Иными словами, опытные игроки могут превосходить новичков не из-за того, что они более способны к выполнению заданий, и не из-за тысячи часов, проведенных за видеоиграми, а лишь по той причине, что им заранее известно, в каком исследовании они участвуют и каких результатов от них ждут.
Подобный «эффект ожидания» — хорошо известная проблема в такого рода экспериментах. Для ее решения участников следовало бы привлекать, не упоминая о видеоиграх, и оценивать их игровой опыт только после того, как они выполнят все когнитивные задания.
В этом случае участники не знали бы, что исследование посвящено видеоиграм.
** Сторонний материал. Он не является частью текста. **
(* For every positive integer $r$ there is a ReLU network $f_s^r:\mathbb{R}\to\mathbb{R}$ all of whose weights lie in $\{\frac12,-\frac12\}$ such that: (i) $f_s^r(0)=0$; (ii) $\sup_{x\in[0,1]}|f_s^r(x)-x^2|\le 2^{-2(r+1)}$; (iii) its depth is $\mathcal{O}(r)$; (iv) its width is bounded by a constant independent of $r$; (v) its number of weights is $\mathcal{O}(r)$.
   Context: A ReLU network is a feedforward network with activation $\sigma(x)=\max(0,x)$ in which each unit connects only to units in the next layer; depth is the number of layers and width the maximum number of units in a layer. *)

From HB Require Import structures.
From mathcomp Require Import all_boot all_order all_algebra.
Set Implicit Arguments. Unset Strict Implicit. Unset Printing Implicit Defensive.
Import Order.TTheory GRing.Theory Num.Theory.
Local Open Scope ring_scope.

(* A zero entry of W / b means "no connection / no bias" (not a weight). *)
Inductive relu_net (R : Type) : nat -> nat -> Type :=
| NOut (m n : nat) (W : 'M[R]_(n, m)) (b : 'cV[R]_n) : relu_net R m n
| NHid (m k n : nat) (W : 'M[R]_(k, m)) (b : 'cV[R]_k) (N : relu_net R k n)
    : relu_net R m n.

Section Nets.
Variable R : realDomainType.

Definition relu (x : R) : R := Num.max x 0.
Definition relu_vec (k : nat) (v : 'cV[R]_k) : 'cV[R]_k := map_mx relu v.

Fixpoint net_eval (m n : nat) (N : relu_net R m n) : 'cV[R]_m -> 'cV[R]_n :=
  match N with
  | NOut _ _ W b => fun x => W *m x + b
  | NHid _ _ _ W b N' => fun x => net_eval N' (relu_vec (W *m x + b))
  end.

Definition net_fun (N : relu_net R 1 1) (x : R) : R := net_eval N (x%:M) 0 0.

Fixpoint depth (m n : nat) (N : relu_net R m n) : nat :=
  match N with
  | NOut _ _ _ _ => 1
  | NHid _ _ _ _ _ N' => (depth N').+1
  end.

Fixpoint width (m n : nat) (N : relu_net R m n) : nat :=
  match N with
  | NOut m n _ _ => maxn m n
  | NHid m k _ _ _ N' => maxn m (width N')
  end.

Definition nnz_mx (p q : nat) (A : 'M[R]_(p, q)) : nat :=
  #|[set ij : 'I_p * 'I_q | A ij.1 ij.2 != 0]|.

Fixpoint num_weights (m n : nat) (N : relu_net R m n) : nat :=
  match N with
  | NOut _ _ W b => nnz_mx W + nnz_mx b
  | NHid _ _ _ W b N' => nnz_mx W + nnz_mx b + num_weights N'
  end.

Definition half_param (x : R) : bool := [|| x == 0, x == 2^-1 | x == - 2^-1].

Definition mx_half (p q : nat) (A : 'M[R]_(p, q)) : bool :=
  [forall i, forall j, half_param (A i j)].

Fixpoint weights_in_half (m n : nat) (N : relu_net R m n) : bool :=
  match N with
  | NOut _ _ W b => mx_half W && mx_half b
  | NHid _ _ _ W b N' => [&& mx_half W, mx_half b & weights_in_half N']
  end.

End Nets.

From mathcomp Require Import all_boot all_order all_algebra.
From mathcomp Require Import reals.
From mathcomp Require Import ring lra zify.
Set Implicit Arguments. Unset Strict Implicit. Unset Printing Implicit Defensive.
Import Order.TTheory GRing.Theory Num.Theory.
Local Open Scope ring_scope.

(* Yarotsky's construction.  The tent map g y = 2 y - 4 relu (y - 1/2) maps
   [0, 1] into itself, and the hump H y = y - y^2 satisfies
   H (g y) = 4 H y - g y.  Hence the two-layer block (y, b) |-> (g y, 4 b - g y)
   sends (y, H y + c) to (g y, H (g y) + 4 c): starting from
   (x, x) = (x, H x + x^2), r blocks produce b = H (g^r x) + 4^r x^2, and 2 r
   halving layers turn b into x^2 + H (g^r x) / 4^r, which is within 4^-(r+1)
   of x^2 because 0 <= H <= 1/4.  Since every weight is +-1/2, the
   coefficients 1, 2 and 4 are obtained by summing over several copies of each
   unit (two copies of y and of b, four or eight of each hidden unit); this
   keeps the width at 20 and the depth at 4 r + 3. *)

Local Notation cst := const_mx.

Lemma mul_const_mx (R : pzSemiRingType) m n p (a c : R) :
  (cst a : 'M[R]_(m, n)) *m (cst c : 'M[R]_(n, p)) = cst (a * c *+ n).
Proof.
apply/matrixP => i j; rewrite !mxE.
under eq_bigr do rewrite !mxE.
by rewrite sumr_const card_ord.
Qed.

Lemma add_const_mx (V : nmodType) m n (a c : V) :
  (cst a : 'M[V]_(m, n)) + cst c = cst (a + c).
Proof. by rewrite raddfD. Qed.

Lemma scalar_mx1_const (R : pzRingType) (x : R) : (x%:M : 'M[R]_1) = cst x.
Proof. by apply/matrixP => i j; rewrite !mxE !ord1 eqxx. Qed.

Section ReluNets.
Variable R : realDomainType.

Lemma ger0_relu (a : R) : 0 <= a -> relu a = a.
Proof. by move=> a_ge0; apply/max_idPl. Qed.

Lemma ler0_relu (a : R) : a <= 0 -> relu a = 0.
Proof. by move=> a_le0; apply/max_idPr. Qed.

Lemma relu_vec_const k (a : R) : relu_vec (cst a : 'cV_k) = cst (relu a).
Proof. exact: map_const_mx. Qed.

Lemma width_ge_inputs m n (N : relu_net R m n) : (m <= width N)%N.
Proof. by case: N => [? ? ? ?|? ? ? ? ? ?] /=; rewrite leq_maxl. Qed.

Lemma nnz_mx_le p q (A : 'M[R]_(p, q)) : (nnz_mx A <= p * q)%N.
Proof. by apply: leq_trans (max_card _) _; rewrite card_prod !card_ord. Qed.

Lemma nnz_layer_le w k m (W : 'M[R]_(k, m)) (b : 'cV[R]_k) :
  (k <= w)%N -> (m <= w)%N -> (nnz_mx W + nnz_mx b <= w * w.+1)%N.
Proof.
move=> le_kw le_mw; rewrite mulnS addnC.
apply: leq_add; apply: leq_trans (nnz_mx_le _) _; first by rewrite muln1.
exact: leq_mul.
Qed.

Lemma num_weights_le m n (N : relu_net R m n) :
  (num_weights N <= depth N * (width N * (width N).+1))%N.
Proof.
elim: N => [{}m {}n W b|{}m k {}n W b N IH] /=.
  by rewrite mul1n nnz_layer_le ?leq_maxl ?leq_maxr.
set w := maxn m (width N); have le_Nw : (width N <= w)%N by rewrite leq_maxr.
rewrite mulSn leq_add ?nnz_layer_le ?leq_maxl //.
  exact: leq_trans (width_ge_inputs N) le_Nw.
by apply: leq_trans IH _; rewrite leq_mul2l leq_mul ?ltnS ?orbT.
Qed.

Lemma half_param0 : half_param (0 : R).
Proof. by rewrite /half_param eqxx. Qed.

Lemma half_paramV2 : half_param (2^-1 : R).
Proof. by rewrite /half_param eqxx orbT. Qed.

Lemma half_paramNV2 : half_param (- 2^-1 : R).
Proof. by rewrite /half_param eqxx !orbT. Qed.

Lemma mx_half_const p q (a : R) :
  mx_half (cst a : 'M[R]_(p.+1, q.+1)) = half_param a.
Proof.
apply/forallP/idP => [/(_ ord0)/forallP/(_ ord0)|a_half i]; first by rewrite mxE.
by apply/forallP => j; rewrite mxE.
Qed.

Lemma mx_half_col p1 p2 q (A : 'M[R]_(p1, q)) (B : 'M[R]_(p2, q)) :
  mx_half (col_mx A B) = mx_half A && mx_half B.
Proof.
apply/forallP/andP => [hAB|[/forallP hA /forallP hB] i].
  split; apply/forallP => i; apply/forallP => j.
    by have /forallP/(_ j) := hAB (lshift _ i); rewrite col_mxEu.
  by have /forallP/(_ j) := hAB (rshift _ i); rewrite col_mxEd.
apply/forallP => j; rewrite -[i]splitK; case: split => k /=.
  by rewrite col_mxEu; apply: (forallP (hA k)).
by rewrite col_mxEd; apply: (forallP (hB k)).
Qed.

Lemma mx_half_row p q1 q2 (A : 'M[R]_(p, q1)) (B : 'M[R]_(p, q2)) :
  mx_half (row_mx A B) = mx_half A && mx_half B.
Proof.
apply/forallP/andP => [hAB|[/forallP hA /forallP hB] i].
  split; apply/forallP => i; apply/forallP => j.
    by have /forallP/(_ (lshift _ j)) := hAB i; rewrite row_mxEl.
  by have /forallP/(_ (rshift _ j)) := hAB i; rewrite row_mxEr.
apply/forallP => j; rewrite -[j]splitK; case: split => k /=.
  by rewrite row_mxEl; apply: (forallP (hA i)).
by rewrite row_mxEr; apply: (forallP (hB i)).
Qed.

End ReluNets.

Section TentMap.
Variable R : realFieldType.

Definition tent (y : R) : R := 2 * y - 4 * relu (y - 2^-1).

Definition hump (y : R) : R := y - y ^+ 2.

Lemma tent_itv (y : R) : 0 <= y <= 1 -> 0 <= tent y <= 1.
Proof.
rewrite /tent => /andP [y_ge0 y_le1].
by have [?|?] := lerP (y - 2^-1) 0; [rewrite ler0_relu | rewrite ger0_relu]; lra.
Qed.

Lemma hump_tent (y : R) : hump (tent y) = 4 * hump y - tent y.
Proof.
rewrite /hump /tent.
by have [?|?] := lerP (y - 2^-1) 0; [rewrite ler0_relu | rewrite ger0_relu ?ltW];
  rewrite ?expr2; lra.
Qed.

Lemma hump_ge0 (y : R) : 0 <= y <= 1 -> 0 <= hump y.
Proof. by rewrite /hump expr2 => /andP [? ?]; nra. Qed.

Lemma hump_le_quarter (y : R) : hump y <= 4^-1.
Proof.
rewrite /hump; have : 0 <= (y - 2^-1) ^+ 2 := sqr_ge0 _.
by rewrite !expr2; lra.
Qed.

Lemma iter_tent_itv k (y : R) : 0 <= y <= 1 -> 0 <= iter k tent y <= 1.
Proof. by move=> y01; elim: k => [|k IH] //=; apply: tent_itv. Qed.

Lemma iter_tent0 k : iter k tent 0 = 0 :> R.
Proof.
elim: k => [|k /= ->] //.
by rewrite /tent ler0_relu ?mulr0 ?subr0 // sub0r oppr_le0 invr_ge0 ler0n.
Qed.

End TentMap.

Arguments tent {R}.
Arguments hump {R}.

Section SquareNet.
Variable R : realFieldType.
Local Notation h := (2^-1 : R).

Definition state (y b : R) : 'cV[R]_(2 + 2) := col_mx (cst y) (cst b).

Definition tent_W1 : 'M[R]_(4 + (8 + 8), 2 + 2) :=
  col_mx (row_mx (cst h) (cst 0))
         (col_mx (row_mx (cst h) (cst 0)) (row_mx (cst 0) (cst h))).

Definition tent_b1 : 'cV[R]_(4 + (8 + 8)) :=
  col_mx (cst 0) (col_mx (cst (- h)) (cst 0)).

Definition tent_W2 : 'M[R]_(2 + 2, 4 + (8 + 8)) :=
  col_mx (row_mx (cst h) (row_mx (cst (- h)) (cst 0)))
         (row_mx (cst (- h)) (row_mx (cst h) (cst h))).

Definition block n (N : relu_net R (2 + 2) n) : relu_net R (2 + 2) n :=
  NHid tent_W1 tent_b1 (NHid tent_W2 (cst 0) N).

Lemma tent_layer1E (y b : R) : 0 <= y -> 0 <= b ->
  relu_vec (tent_W1 *m state y b + tent_b1)
  = col_mx (cst y) (col_mx (cst (relu (y - h))) (cst b)).
Proof.
move=> y_ge0 b_ge0.
rewrite !mul_col_mx !mul_row_col !mul_const_mx !add_const_mx.
rewrite !add_col_mx !add_const_mx.
rewrite /relu_vec !map_col_mx !map_const_mx.
by congr (col_mx (cst _) (col_mx (cst (relu _)) (cst _))); rewrite ?ger0_relu; lra.
Qed.

Lemma tent_layer2E (y b : R) : 0 <= y <= 1 -> tent y <= 4 * b ->
  relu_vec (tent_W2 *m col_mx (cst y) (col_mx (cst (relu (y - h))) (cst b))
            + cst 0)
  = state (tent y) (4 * b - tent y).
Proof.
move=> /tent_itv /andP [t_ge0 _] le_t_4b; rewrite -(@col_mx_const _ 2 2).
rewrite !mul_col_mx !mul_row_col !mul_const_mx !add_const_mx.
rewrite !add_col_mx !add_const_mx.
rewrite /relu_vec !map_col_mx !map_const_mx /tent in t_ge0 le_t_4b *.
by congr (col_mx (cst _) (cst _)); rewrite ger0_relu; lra.
Qed.

Lemma blockE n (N : relu_net R (2 + 2) n) (y c : R) : 0 <= y <= 1 -> 0 <= c ->
  net_eval (block N) (state y (hump y + c))
  = net_eval N (state (tent y) (hump (tent y) + 4 * c)).
Proof.
move=> y01 c_ge0; have /andP [y_ge0 _] := y01.
have hump_ge0y := hump_ge0 y01; have hump_ge0t := hump_ge0 (tent_itv y01).
rewrite /= tent_layer1E ?(addr_ge0 hump_ge0y c_ge0) // tent_layer2E //.
  by rewrite hump_tent; congr (net_eval N (state _ _)); lra.
by move: hump_ge0t; rewrite hump_tent; lra.
Qed.

Lemma iter_blockE n (N : relu_net R (2 + 2) n) k (y c : R) :
  0 <= y <= 1 -> 0 <= c ->
  net_eval (iter k (@block n) N) (state y (hump y + c))
  = net_eval N (state (iter k tent y) (hump (iter k tent y) + 4 ^+ k * c)).
Proof.
elim: k y c => [|k IH] y c y01 c_ge0; first by rewrite expr0 mul1r.
rewrite iterS blockE // IH ?tent_itv ?mulr_ge0 ?ler0n //.
by rewrite -iterSr exprSr mulrA.
Qed.

Definition input_layers n (N : relu_net R (2 + 2) n) : relu_net R 1 n :=
  NHid (cst h : 'M_(4, 1)) (cst 0) (NHid (cst h : 'M_(2 + 2, 4)) (cst 0) N).

Lemma input_layersE n (N : relu_net R (2 + 2) n) (x : R) : 0 <= x ->
  net_eval (input_layers N) x%:M = net_eval N (state x x).
Proof.
move=> x_ge0.
rewrite /= scalar_mx1_const !(mul_const_mx, add_const_mx, relu_vec_const).
rewrite /state col_mx_const; congr (net_eval N (cst _)).
by rewrite !ger0_relu; lra.
Qed.

Fixpoint halving k : relu_net R 1 1 :=
  if k is k'.+1 then NHid (cst h) (cst 0) (halving k') else NOut (cst h) (cst 0).

Lemma halvingE k (p : R) : 0 <= p ->
  net_eval (halving k) (cst p) = cst (p / 2 ^+ k.+1).
Proof.
elim: k p => [|k IH] p p_ge0 /=; rewrite mul_const_mx add_const_mx.
  by congr cst; rewrite expr1; lra.
have half_ge0 : 0 <= 2^-1 * p *+ 1 + 0 by lra.
rewrite relu_vec_const ger0_relu // IH //.
by congr cst; rewrite [2 ^+ k.+2]exprS invfM; lra.
Qed.

Definition readout k : relu_net R (2 + 2) 1 :=
  NHid (row_mx (cst 0) (cst h) : 'M_(1, 2 + 2)) (cst 0) (halving k).

Lemma readoutE k (y b : R) : 0 <= b ->
  net_eval (readout k) (state y b) = cst (b / 2 ^+ k.+1).
Proof.
move=> b_ge0; rewrite /= mul_row_col !mul_const_mx !add_const_mx relu_vec_const.
by rewrite -halvingE //; congr (net_eval _ (cst _)); rewrite ger0_relu; lra.
Qed.

Definition square_net k : relu_net R 1 1 :=
  input_layers (iter k.+1 (@block 1) (readout (2 * k).+1)).

Lemma square_netE k (x : R) : 0 <= x <= 1 ->
  net_fun (square_net k) x = x ^+ 2 + hump (iter k.+1 tent x) / 4 ^+ k.+1.
Proof.
move=> x01; have /andP [x_ge0 _] := x01; have t01 := iter_tent_itv k.+1 x01.
rewrite /net_fun /square_net input_layersE //.
have -> : state x x = state x (hump x + x ^+ 2) by rewrite /hump subrK.
rewrite iter_blockE ?sqr_ge0 // readoutE ?mxE; last first.
  by rewrite addr_ge0 ?mulr_ge0 ?exprn_ge0 ?sqr_ge0 ?hump_ge0.
have -> : 2 ^+ (2 * k).+2 = 4 ^+ k.+1 :> R.
  by rewrite -[(2 * k).+2]/(2 + 2 * k)%N -mulnS exprM; congr (_ ^+ _); ring.
by field; rewrite expf_neq0 ?pnatr_eq0.
Qed.

Lemma weights_in_half_block n (N : relu_net R (2 + 2) n) :
  weights_in_half (block N) = weights_in_half N.
Proof.
by rewrite /= !(mx_half_col, mx_half_row, mx_half_const)
  !(half_param0, half_paramV2, half_paramNV2) /=.
Qed.

Lemma weights_in_half_iter_block n (N : relu_net R (2 + 2) n) k :
  weights_in_half (iter k (@block n) N) = weights_in_half N.
Proof. by elim: k => [|k IH] //; rewrite iterS weights_in_half_block. Qed.

Lemma weights_in_half_input_layers n (N : relu_net R (2 + 2) n) :
  weights_in_half (input_layers N) = weights_in_half N.
Proof. by rewrite /= !mx_half_const half_param0 half_paramV2. Qed.

Lemma weights_in_half_halving k : weights_in_half (halving k).
Proof.
by elim: k => [|k IH] /=; rewrite ?IH !mx_half_const half_param0 half_paramV2.
Qed.

Lemma weights_in_half_square_net k : weights_in_half (square_net k).
Proof.
rewrite weights_in_half_input_layers weights_in_half_iter_block /=.
rewrite mx_half_row !mx_half_const half_param0 half_paramV2.
exact: weights_in_half_halving.
Qed.

Lemma depth_iter_block n (N : relu_net R (2 + 2) n) k :
  depth (iter k (@block n) N) = (2 * k + depth N)%N.
Proof. by elim: k => [|k IH] //; rewrite iterS /= IH; lia. Qed.

Lemma depth_halving k : depth (halving k) = k.+1.
Proof. by elim: k => [|k /= ->]. Qed.

Lemma depth_square_net k : depth (square_net k) = (4 * k + 7)%N.
Proof. by rewrite /= depth_iter_block /= depth_halving; lia. Qed.

Lemma width_iter_block n (N : relu_net R (2 + 2) n) k :
  (width N <= 20)%N -> (width (iter k (@block n) N) <= 20)%N.
Proof.
by move=> le_N20; elim: k => [|k IH] //; rewrite iterS /= !geq_max IH.
Qed.

Lemma width_halving k : width (halving k) = 1%N.
Proof. by elim: k => [|k /= ->]. Qed.

Lemma width_square_net k : (width (square_net k) <= 20)%N.
Proof. by rewrite /= !geq_max /= width_iter_block //= width_halving. Qed.

End SquareNet.

Theorem proposition1 (R : realType) :
  exists (Cd Cw Cn : nat),
  forall r : nat, (0 < r)%N ->
  exists N : relu_net R 1 1,
    weights_in_half N /\
    net_fun N 0 = 0 /\
    (forall x : R, 0 <= x <= 1 ->
       `|net_fun N x - x ^+ 2| <= (2 : R) ^- (2 * (r + 1))) /\
    (depth N <= Cd * r)%N /\
    (width N <= Cw)%N /\
    (num_weights N <= Cn * r)%N.
Proof.
exists 7%N, 20%N, (7 * (20 * 21))%N => -[//|k] _.
exists (square_net R k); split; first exact: weights_in_half_square_net.
split.
  rewrite square_netE ?lexx ?ler01 // iter_tent0 /hump.
  by rewrite expr2 !mulr0 subrr mul0r addr0.
split.
  move=> x x01; rewrite square_netE // addrAC subrr add0r.
  have t_ge0 := hump_ge0 (iter_tent_itv k.+1 x01).
  have t_le := hump_le_quarter (iter k.+1 tent x).
  have -> : (2 : R) ^- (2 * (k.+1 + 1)) = 4^-1 / 4 ^+ k.+1.
    by rewrite addn1 exprM -invfM -exprS; congr (_ ^+ _)^-1; ring.
  by rewrite ger0_norm ?ler_wpM2r ?divr_ge0 ?invr_ge0 ?exprn_ge0 ?ler0n.
split; first by rewrite depth_square_net; lia.
split; first exact: width_square_net.
apply: leq_trans (num_weights_le _) _.
have w_le20 := width_square_net R k.
by rewrite depth_square_net mulnAC leq_mul ?leq_mul ?ltnS //; lia.
Qed.
(* Let $n,k,N$ be positive integers, let $\Omega=(\omega_1,\dots,\omega_k)'$ be a probability vector and let $M=(\mu_{i,j})\in\mathbb{R}^{n\times k}$ be a matrix whose columns are probability vectors on $\{1,\dots,n\}$. Let $c_1,\dots,c_N$ be positive integers (document lengths) such that $\sum_{i=1}^N c_i>0$, $\sum_{i=1}^N c_i(c_i-1)>0$ and $\sum_{i=1}^N c_i(c_i-1)(c_i-2)>0$. Let $X^{(1)},\dots,X^{(N)}$ be $N$ documents generated independently according to the single topic model with parameters $(M,\Omega)$, document $i$ having $c_i$ words. Define: \begin{itemize} \item $\tilde M_1\in\mathbb{R}^n$ by $(\tilde M_1)_h=\dfrac{\sum_{i=1}^N (X^{(i)})_h}{\sum_{i=1}^N c_i}$; \item the symmetric matrix $\tilde M_2\in\mathbb{R}^{n\times n}$ by, for $h\neq l$, $(\tilde M_2)_{h,l}=\dfrac{\sum_{i=1}^N (X^{(i)})_h (X^{(i)})_l}{\sum_{i=1}^N (c_i-1)c_i}$ and $(\tilde M_2)_{h,h}=\dfrac{\sum_{i=1}^N (X^{(i)})_h((X^{(i)})_h-1)}{\sum_{i=1}^N (c_i-1)c_i}$; \item the symmetric tensor $\tilde M_3\in\mathbb{R}^{n\times n\times n}$ (invariant under permutation of its three indices) by, for pairwise distinct $h,l,m$, $(\tilde M_3)_{h,l,m}=\dfrac{\sum_{i=1}^N (X^{(i)})_h (X^{(i)})_l (X^{(i)})_m}{\sum_{i=1}^N (c_i-2)(c_i-1)c_i}$, for $h\neq l$, $(\tilde M_3)_{h,l,l}=\dfrac{\sum_{i=1}^N (X^{(i)})_h (X^{(i)})_l ((X^{(i)})_l-1)}{\sum_{i=1}^N (c_i-2)(c_i-1)c_i}$, and $(\tilde M_3)_{l,l,l}=\dfrac{\sum_{i=1}^N (X^{(i)})_l ((X^{(i)})_l-1)((X^{(i)})_l-2)}{\sum_{i=1}^N (c_i-2)(c_i-1)c_i}$. \end{itemize} Then for all $h,l,m\in\{1,\dots,n\}$: $\mathbb{E}[(\tilde M_1)_h]=\sum_{j=1}^k \omega_j\mu_{h,j}$, $\mathbb{E}[(\tilde M_2)_{h,l}]=\sum_{j=1}^k\omega_j\mu_{h,j}\mu_{l,j}$, and $\mathbb{E}[(\tilde M_3)_{h,l,m}]=\sum_{j=1}^k\omega_j\mu_{h,j}\mu_{l,j}\mu_{m,j}$.
   Context: Single topic model: for each document independently, a hidden topic $Y\in\{1,\dots,k\}$ is drawn with $\mathbb{P}(Y=j)=\omega_j$; given $Y=j$, each of the $c_i$ words of the document is drawn independently, word $h\in\{1,\dots,n\}$ having probability $\mu_{h,j}$. A word is encoded as the standard basis vector $e_h\in\mathbb{R}^n$, and $X^{(i)}\in\mathbb{R}^n$ is the sum of the encodings of the words of document $i$, i.e. $(X^{(i)})_h$ is the number of occurrences of word $h$ in document $i$. The lengths $c_i$ are fixed (non-random). *)

From mathcomp Require Import all_boot all_order all_algebra.
Set Implicit Arguments. Unset Strict Implicit. Unset Printing Implicit Defensive.
Import Order.TTheory GRing.Theory Num.Theory.
Local Open Scope ring_scope.

Section SingleTopic.
Variables (R : realFieldType) (n k N : nat) (c : 'I_N -> nat).

(* word slots: pairs (i, t) with document i and position t < c i *)
Definition slot := {i : 'I_N & 'I_(c i)}.

(* an outcome: the topic of each document and the word in each slot *)
Definition outcome := ({ffun 'I_N -> 'I_k} * {ffun slot -> 'I_n})%type.

Definition prob (M : 'M[R]_(n, k)) (Om : 'cV[R]_k) (s : outcome) : R :=
  (\prod_(i < N) Om (s.1 i) 0) *
  \prod_(p : slot) M (s.2 p) (s.1 (tag p)).

Definition expect (M : 'M[R]_(n, k)) (Om : 'cV[R]_k) (F : outcome -> R) : R :=
  \sum_(s : outcome) prob M Om s * F s.

Definition X (s : outcome) (i : 'I_N) (h : 'I_n) : R :=
  (#|[set t : 'I_(c i) | s.2 (Tagged (fun j => 'I_(c j)) t) == h]|)%:R.

Definition den1 : R := (\sum_(i < N) c i)%:R.
Definition den2 : R := \sum_(i < N) ((c i)%:R - 1) * (c i)%:R.
Definition den3 : R :=
  \sum_(i < N) ((c i)%:R - 2) * ((c i)%:R - 1) * (c i)%:R.

Definition M1t (s : outcome) (h : 'I_n) : R :=
  (\sum_(i < N) X s i h) / den1.

Definition M2t (s : outcome) (h l : 'I_n) : R :=
  if h == l then (\sum_(i < N) X s i h * (X s i h - 1)) / den2
  else (\sum_(i < N) X s i h * X s i l) / den2.

(* entry with indices (h, l, l), h <> l *)
Definition M3pair (s : outcome) (h l : 'I_n) : R :=
  (\sum_(i < N) X s i h * X s i l * (X s i l - 1)) / den3.

Definition M3t (s : outcome) (h l m : 'I_n) : R :=
  if (h == l) && (l == m) then
    (\sum_(i < N) X s i l * (X s i l - 1) * (X s i l - 2)) / den3
  else if h == l then M3pair s m h
  else if l == m then M3pair s h l
  else if h == m then M3pair s l h
  else (\sum_(i < N) X s i h * X s i l * X s i m) / den3.

End SingleTopic.

Arguments prob {R n k N c} M Om s.
Arguments expect {R n k N c} M Om F.
Arguments X {R n k N c} s i h.
Arguments M1t {R n k N c} s h.
Arguments M2t {R n k N c} s h l.
Arguments M3pair {R n k N c} s h l.
Arguments M3t {R n k N c} s h l m.
Arguments den1 {R N} c.
Arguments den2 {R N} c.
Arguments den3 {R N} c.

(* Write (X^(i))_h as the sum over the positions t of document i of the
   indicator that word t is h.  Expanding products of such sums, X_h X_l - [h = l] X_h
   is the sum over ordered pairs of distinct positions, and similarly for triples, so
   the numerators of M2 and M3 are sums over ordered pairs and triples of distinct
   positions in a document.  Given the topic j of the document, distinct positions
   carry independent words, so each term has expectation
   sum_j w_j mu_{h,j} mu_{l,j} (mu_{m,j}); document i contributes c_i (c_i - 1)
   (c_i - 2) such terms, which is exactly what the denominators count. *)

From mathcomp Require Import all_boot all_order all_algebra.
From mathcomp Require Import ring.
Import Order.TTheory GRing.Theory Num.Theory.
Set Implicit Arguments. Unset Strict Implicit. Unset Printing Implicit Defensive.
К сожалению, это неэффективный подход к проведению исследования, поскольку пришлось бы тестировать много дополнительных участников, чтобы выяснить, каким критериям они соответствуют — опытного игрока или новичка.
Независимо от способа набора участников, опасно делать любые выводы о роли видеоигр в когнитивной деятельности лишь на основании различий между опытными игроками и новичками. Чтобы прийти к корректным заключениям о причинной взаимосвязи, необходимы эксперименты с тренировкой.
Обратите внимание на ошибочные сообщения о влиянии такого опыта — журналисты регулярно заявляют, что видеоигры улучшают различные навыки, в то время как исследования, на которые они ссылаются, показывают только различия между опытными игроками и новичками.
Некоторые авторы предположили, что влияние видеоигр не ограничивается только вниманием или способностями восприятия, а распространяется также на общий уровень интеллектуального развития, социальные навыки, уверенность и логическое мышление. Но в пользу этих заявлений имеется еще меньше данных.